Quotes from Jonathan Edwards
There are beauties that are more palpable and explicable, and there are hidden and secret beauties… These hidden beauties are commonly by far the greatest, because the more complex a beauty is, the more hidden it is.
- Jonathan Edwards
Intend to live in continual mortification, and never to expect or desire any worldly ease or pleasure.
- Jonathan Edwards
The best, most beautiful, and most perfect way that we have of expressing a sweet concord of mind to each other is by music.
- Jonathan Edwards
true weanedness from the world don't consist in being beat off from the world by the affliction of it, but a being drawn off by the sight of something better.
- Jonathan Edwards
There are always two sides to every story, and it is generally wise, and safe, and charitable, to take the best; and yet there is probably no one way in which persons are so liable to be wrong, as in presuming the worst is true, and in forming and expressing their judgement of others, and of their actions, without waiting till all the truth is known.
- Jonathan Edwards
As God delights in his own beauty, he must necessarily delight in the creature's holiness which is a conformity to and participation of it, as truly as [the] brightness of a jewel, held in the sun's beams, is a participation or derivation of the sun's brightness, though immensely less in degree.
- Jonathan Edwards
Resolved, to study the Scriptures so steadily, constantly and frequently, as that I may find, and plainly perceive myself to grow in the knowledge of the same.
- Jonathan Edwards
Men will trust in God no further than they know Him; and they cannot be in the exercise of faith in Him one ace further than they have a sight of His fulness and faithfulness in exercise.
- Jonathan Edwards
When indeed it is in God we live, and move, and have our being.
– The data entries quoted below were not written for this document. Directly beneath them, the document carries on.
Lemma nth_neq_g (q : 'I_k) : nth g y q <> g.
Proof.
rewrite -letter_ord => qg; suff /eqP : q%:Z + 1 = q by rewrite -subr_eq0 addrC addKr.
apply: walk_eqmod_inj; rewrite walkS qg -g_central.
by have := eqmod_gpowz 1 (walk q); rewrite /= gmulg1.
Qed.

Definition snake (v : Z2) : G := gpowz g v.2 ** walk v.1.
Definition snake_state (v : Z2) : 'I_k := modk v.1.
Definition snake_delta (q : 'I_k) (s : bool) : 'I_k := if s then q else ordS q.
Definition snake_eta (q : 'I_k) (s : bool) : G := if s then g else nth g y q.

Lemma snake_inj : injective snake.
Proof.
move=> [m n] [m' n']; rewrite /snake /= => e.
have mm' : m = m'.
  apply: walk_eqmod_inj; apply: eqmod_trans (eqmod_sym (eqmod_gpowz n _)) _.
  by rewrite e; exact: eqmod_gpowz.
by move: e; rewrite mm' => /gmulIg /gpowz_inj ->.
Qed.

Lemma snake_embedding_Z2 : snake_embedding Z2gen (g :: S) snake.
Proof.
apply: (@transducer_snake_embedding _ _ _ (modk 0) snake_delta snake_eta _ _ _ snake_state).
- by move=> [] /=; [exists id | exact: ordS_bij].
- by [].
- by rewrite /snake /= gmul1.
- by move=> [m n] []; rewrite /snake_state /Z2add /= ?addr0 // modkS.
- move=> [m n] []; rewrite /snake /Z2add /= ?addr0.
    by rewrite gpowzS -!gmulA g_central.
  by rewrite walkS /letter gmulA.
- move=> q [] /=; [by left | right; apply: y_over; exact: In_nth].
- by move=> q [] [] //= e; [case: (nth_neq_g (esym e)) | case: (nth_neq_g e)].
- exact: snake_inj.
Qed.

End MinimalWord.

End CentralElement.

Theorem lemma2 (G : group) (S : seq G) (g : G) :
  generates S ->
  (forall x : G, @gmul G g x = @gmul G x g) ->
  (forall n : nat, (0 < n)%N -> gpow g n <> @gone G) ->
  (exists x : G, forall n : nat, (0 < n)%N -> forall m : int, gpow x n <> gpowz g m) ->
  exists phi : Z2 -> G, snake_embedding Z2gen (g :: S) phi.
Proof.
move=> genS g_central g_infinite [x x_nontorsion].
have [|y [y_over y_nontorsion y_minimal]] := exists_minimal_nontorsion_word g_central genS.
  exists x => /torsion_mod_gpowz [n [m [n_gt0 xn]]].
  exact: x_nontorsion n_gt0 m xn.
exists (snake g y).
exact: (snake_embedding_Z2 g_central g_infinite y_over y_nontorsion y_minimal).
Qed.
We cannot draw a breath without his help.
- Jonathan Edwards
Who will deny that true religion consists, in a great measure, in vigorous and lively actings of the inclination and will of the soul, or the fervent exercises of the heart? That religion which God requires, and will accept, does not consist in weak, dull, and lifeless, wishes, raising us but a little above a state of indifference.
- Jonathan Edwards
To go to heaven, fully to enjoy God, is infinitely better than the most pleasant accommodations here.
- Jonathan Edwards
The bow of God's wrath is bent, and the arrow made ready on the string, and justice bends the arrow at your heart, and strains the bow, and it is nothing but the mere pleasure of God, and that of an angry God, without any promise or obligation at all, that keeps the arrow one moment from being made drunk with your blood.